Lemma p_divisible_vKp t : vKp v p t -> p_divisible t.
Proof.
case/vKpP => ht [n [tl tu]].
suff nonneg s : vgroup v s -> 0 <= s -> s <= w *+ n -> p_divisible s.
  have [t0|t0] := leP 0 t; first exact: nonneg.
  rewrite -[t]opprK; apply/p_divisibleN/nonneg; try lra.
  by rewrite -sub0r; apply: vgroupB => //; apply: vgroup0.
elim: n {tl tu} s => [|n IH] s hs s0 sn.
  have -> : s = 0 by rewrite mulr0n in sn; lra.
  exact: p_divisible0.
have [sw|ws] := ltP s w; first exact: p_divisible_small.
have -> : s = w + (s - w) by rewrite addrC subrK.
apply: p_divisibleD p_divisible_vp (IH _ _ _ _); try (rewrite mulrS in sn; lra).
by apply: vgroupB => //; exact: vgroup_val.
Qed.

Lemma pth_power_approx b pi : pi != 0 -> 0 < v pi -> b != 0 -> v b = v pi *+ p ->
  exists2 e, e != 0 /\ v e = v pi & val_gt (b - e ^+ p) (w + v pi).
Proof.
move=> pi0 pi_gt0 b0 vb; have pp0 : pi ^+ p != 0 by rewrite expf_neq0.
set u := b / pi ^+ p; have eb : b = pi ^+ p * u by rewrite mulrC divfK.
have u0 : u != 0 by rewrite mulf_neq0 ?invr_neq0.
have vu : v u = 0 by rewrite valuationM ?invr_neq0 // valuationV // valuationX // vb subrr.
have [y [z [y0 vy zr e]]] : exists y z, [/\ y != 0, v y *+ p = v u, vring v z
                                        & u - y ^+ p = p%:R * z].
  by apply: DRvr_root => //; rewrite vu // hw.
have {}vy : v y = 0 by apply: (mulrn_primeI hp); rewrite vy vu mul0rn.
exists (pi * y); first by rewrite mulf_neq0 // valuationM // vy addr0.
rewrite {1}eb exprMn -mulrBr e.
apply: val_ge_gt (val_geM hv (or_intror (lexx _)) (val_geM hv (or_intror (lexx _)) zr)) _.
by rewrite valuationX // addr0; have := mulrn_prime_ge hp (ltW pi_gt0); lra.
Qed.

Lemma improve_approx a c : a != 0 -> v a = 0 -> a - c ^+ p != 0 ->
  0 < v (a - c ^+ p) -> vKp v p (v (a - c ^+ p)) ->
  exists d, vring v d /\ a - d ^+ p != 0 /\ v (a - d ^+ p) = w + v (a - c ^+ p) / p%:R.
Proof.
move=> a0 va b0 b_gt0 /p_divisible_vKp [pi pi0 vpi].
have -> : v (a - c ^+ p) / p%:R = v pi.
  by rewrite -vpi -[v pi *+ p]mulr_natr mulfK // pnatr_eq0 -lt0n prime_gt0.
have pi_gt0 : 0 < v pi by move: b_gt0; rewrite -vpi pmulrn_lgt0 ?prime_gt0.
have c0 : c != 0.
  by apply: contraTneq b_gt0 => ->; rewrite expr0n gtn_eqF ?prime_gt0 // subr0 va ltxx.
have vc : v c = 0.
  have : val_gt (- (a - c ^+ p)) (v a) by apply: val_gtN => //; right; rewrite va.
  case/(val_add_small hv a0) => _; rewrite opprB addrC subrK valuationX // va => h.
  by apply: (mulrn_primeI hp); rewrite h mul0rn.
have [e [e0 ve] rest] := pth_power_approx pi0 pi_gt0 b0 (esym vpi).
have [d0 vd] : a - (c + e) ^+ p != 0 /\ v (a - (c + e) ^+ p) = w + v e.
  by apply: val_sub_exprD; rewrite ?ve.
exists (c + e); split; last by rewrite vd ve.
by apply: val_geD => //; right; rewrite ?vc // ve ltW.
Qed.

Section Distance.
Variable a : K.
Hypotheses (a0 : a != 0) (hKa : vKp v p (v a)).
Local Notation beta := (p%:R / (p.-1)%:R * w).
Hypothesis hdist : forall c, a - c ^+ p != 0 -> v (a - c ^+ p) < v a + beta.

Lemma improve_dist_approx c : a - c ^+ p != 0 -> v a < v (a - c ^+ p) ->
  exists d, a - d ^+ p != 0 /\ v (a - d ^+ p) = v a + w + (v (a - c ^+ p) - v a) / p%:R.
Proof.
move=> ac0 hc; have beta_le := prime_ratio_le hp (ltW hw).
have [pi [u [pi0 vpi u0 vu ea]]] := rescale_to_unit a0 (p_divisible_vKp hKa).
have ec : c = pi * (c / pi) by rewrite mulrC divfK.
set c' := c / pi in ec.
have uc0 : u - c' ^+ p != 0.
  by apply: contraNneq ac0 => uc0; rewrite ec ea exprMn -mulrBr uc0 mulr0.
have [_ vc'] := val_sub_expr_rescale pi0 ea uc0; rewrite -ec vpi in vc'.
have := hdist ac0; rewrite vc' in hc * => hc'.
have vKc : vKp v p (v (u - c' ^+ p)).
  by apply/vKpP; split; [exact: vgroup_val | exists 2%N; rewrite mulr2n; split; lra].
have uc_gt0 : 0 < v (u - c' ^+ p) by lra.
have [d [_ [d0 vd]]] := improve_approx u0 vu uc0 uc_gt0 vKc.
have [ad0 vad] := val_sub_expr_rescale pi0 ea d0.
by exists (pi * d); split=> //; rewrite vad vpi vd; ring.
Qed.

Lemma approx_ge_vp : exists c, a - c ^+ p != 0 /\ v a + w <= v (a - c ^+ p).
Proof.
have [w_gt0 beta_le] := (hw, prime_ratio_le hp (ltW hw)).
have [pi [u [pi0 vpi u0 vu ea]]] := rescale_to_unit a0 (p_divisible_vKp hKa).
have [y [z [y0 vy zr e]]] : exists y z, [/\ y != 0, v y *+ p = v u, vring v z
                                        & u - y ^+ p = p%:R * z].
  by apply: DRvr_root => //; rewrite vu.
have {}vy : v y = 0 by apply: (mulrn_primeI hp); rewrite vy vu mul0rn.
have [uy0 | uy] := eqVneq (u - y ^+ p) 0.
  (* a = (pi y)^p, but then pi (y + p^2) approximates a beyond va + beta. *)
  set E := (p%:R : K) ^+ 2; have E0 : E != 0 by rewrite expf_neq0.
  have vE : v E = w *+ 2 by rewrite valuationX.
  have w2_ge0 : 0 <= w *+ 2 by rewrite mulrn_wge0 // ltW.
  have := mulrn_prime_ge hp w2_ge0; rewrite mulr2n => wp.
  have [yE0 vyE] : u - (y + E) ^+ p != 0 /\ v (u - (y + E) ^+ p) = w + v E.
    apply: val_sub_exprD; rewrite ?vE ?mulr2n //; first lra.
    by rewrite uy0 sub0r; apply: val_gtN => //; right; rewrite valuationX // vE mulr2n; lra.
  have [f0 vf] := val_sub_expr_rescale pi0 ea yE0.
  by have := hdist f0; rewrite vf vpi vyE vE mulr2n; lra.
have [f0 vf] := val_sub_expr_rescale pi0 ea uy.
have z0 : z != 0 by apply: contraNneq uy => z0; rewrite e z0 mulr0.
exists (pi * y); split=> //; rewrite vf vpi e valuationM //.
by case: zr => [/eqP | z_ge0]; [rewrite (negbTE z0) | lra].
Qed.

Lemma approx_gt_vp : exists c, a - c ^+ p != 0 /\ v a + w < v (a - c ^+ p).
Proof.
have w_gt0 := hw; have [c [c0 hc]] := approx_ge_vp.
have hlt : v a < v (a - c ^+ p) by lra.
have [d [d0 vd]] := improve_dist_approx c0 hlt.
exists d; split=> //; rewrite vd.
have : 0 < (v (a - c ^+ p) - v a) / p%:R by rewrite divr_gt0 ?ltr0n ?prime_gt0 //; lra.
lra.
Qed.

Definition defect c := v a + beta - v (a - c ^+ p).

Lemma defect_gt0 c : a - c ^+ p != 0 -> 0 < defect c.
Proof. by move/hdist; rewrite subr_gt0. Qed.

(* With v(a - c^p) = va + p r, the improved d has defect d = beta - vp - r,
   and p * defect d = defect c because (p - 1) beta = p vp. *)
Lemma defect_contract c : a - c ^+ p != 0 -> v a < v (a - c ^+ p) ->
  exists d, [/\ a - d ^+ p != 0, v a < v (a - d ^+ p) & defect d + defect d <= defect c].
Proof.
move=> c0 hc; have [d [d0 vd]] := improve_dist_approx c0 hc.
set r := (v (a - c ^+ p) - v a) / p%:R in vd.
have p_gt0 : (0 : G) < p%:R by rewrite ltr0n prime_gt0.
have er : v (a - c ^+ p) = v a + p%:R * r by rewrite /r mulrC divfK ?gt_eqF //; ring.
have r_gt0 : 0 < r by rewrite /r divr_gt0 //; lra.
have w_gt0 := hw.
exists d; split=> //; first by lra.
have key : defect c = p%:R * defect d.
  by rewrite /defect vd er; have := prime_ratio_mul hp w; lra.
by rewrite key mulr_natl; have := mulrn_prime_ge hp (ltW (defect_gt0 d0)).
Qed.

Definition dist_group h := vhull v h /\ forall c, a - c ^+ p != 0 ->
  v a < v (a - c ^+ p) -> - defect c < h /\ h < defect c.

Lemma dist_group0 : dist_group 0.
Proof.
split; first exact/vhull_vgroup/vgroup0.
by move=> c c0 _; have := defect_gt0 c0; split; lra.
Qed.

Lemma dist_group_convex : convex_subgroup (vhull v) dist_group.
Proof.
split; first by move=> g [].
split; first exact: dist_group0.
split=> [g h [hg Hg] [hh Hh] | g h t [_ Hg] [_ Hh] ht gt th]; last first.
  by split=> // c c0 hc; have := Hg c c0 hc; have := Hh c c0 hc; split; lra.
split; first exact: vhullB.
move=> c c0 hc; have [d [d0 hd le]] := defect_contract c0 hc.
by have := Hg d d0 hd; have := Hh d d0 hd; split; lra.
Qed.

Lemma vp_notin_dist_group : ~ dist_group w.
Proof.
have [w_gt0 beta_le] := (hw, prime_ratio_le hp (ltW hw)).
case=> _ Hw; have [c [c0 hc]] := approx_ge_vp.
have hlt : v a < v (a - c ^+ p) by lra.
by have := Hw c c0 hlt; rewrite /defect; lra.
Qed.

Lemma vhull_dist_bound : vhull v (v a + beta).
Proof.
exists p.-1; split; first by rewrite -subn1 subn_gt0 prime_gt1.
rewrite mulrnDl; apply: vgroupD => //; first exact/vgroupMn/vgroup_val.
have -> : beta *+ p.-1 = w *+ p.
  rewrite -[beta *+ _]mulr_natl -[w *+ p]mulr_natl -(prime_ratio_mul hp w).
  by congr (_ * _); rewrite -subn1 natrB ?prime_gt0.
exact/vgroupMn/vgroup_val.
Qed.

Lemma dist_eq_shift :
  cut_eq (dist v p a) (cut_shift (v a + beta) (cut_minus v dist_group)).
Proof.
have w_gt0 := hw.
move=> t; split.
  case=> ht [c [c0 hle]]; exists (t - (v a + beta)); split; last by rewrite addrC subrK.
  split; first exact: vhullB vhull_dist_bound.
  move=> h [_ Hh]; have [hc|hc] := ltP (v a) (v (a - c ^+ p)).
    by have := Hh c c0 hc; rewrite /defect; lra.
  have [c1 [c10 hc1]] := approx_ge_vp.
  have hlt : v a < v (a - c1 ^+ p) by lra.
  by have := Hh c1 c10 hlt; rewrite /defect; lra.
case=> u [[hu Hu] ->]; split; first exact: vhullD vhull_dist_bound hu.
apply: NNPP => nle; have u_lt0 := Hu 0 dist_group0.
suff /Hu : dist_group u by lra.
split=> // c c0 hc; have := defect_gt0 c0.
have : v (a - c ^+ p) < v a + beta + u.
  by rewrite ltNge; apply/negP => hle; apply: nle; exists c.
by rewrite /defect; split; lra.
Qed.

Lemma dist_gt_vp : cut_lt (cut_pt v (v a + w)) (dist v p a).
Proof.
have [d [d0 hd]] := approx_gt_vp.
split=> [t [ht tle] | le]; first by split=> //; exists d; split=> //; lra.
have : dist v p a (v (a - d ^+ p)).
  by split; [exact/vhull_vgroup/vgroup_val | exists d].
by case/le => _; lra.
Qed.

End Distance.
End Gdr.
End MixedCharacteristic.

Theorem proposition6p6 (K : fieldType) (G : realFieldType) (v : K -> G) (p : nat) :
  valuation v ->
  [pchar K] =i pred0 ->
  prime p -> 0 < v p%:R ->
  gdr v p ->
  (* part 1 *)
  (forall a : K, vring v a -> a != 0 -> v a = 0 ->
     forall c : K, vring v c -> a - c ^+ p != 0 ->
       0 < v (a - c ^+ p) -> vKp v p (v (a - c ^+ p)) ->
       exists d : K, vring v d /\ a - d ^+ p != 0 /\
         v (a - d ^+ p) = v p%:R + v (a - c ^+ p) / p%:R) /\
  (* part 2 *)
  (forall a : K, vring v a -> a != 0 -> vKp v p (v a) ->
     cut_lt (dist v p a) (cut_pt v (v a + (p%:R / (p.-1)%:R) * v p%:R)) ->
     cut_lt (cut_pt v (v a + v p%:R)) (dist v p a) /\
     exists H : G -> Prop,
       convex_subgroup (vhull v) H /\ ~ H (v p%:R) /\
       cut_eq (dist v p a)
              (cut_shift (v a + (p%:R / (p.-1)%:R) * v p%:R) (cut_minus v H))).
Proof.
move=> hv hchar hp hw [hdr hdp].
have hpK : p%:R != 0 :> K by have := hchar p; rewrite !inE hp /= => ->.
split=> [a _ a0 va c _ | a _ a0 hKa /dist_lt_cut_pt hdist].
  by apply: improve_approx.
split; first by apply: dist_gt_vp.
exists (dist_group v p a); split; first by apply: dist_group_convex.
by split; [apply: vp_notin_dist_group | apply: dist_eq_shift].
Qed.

What the task requires: Set down, exactly as they appear above, all lines from the one that has "have [e [e0" down to the one that has "Section Distance.", including those two and no others.

Task result:
have [e [e0 ve] rest] := pth_power_approx pi0 pi_gt0 b0 (esym vpi).
have [d0 vd] : a - (c + e) ^+ p != 0 /\ v (a - (c + e) ^+ p) = w + v e.
  by apply: val_sub_exprD; rewrite ?ve.
exists (c + e); split; last by rewrite vd ve.
by apply: val_geD => //; right; rewrite ?vc // ve ltW.
Qed.

Section Distance.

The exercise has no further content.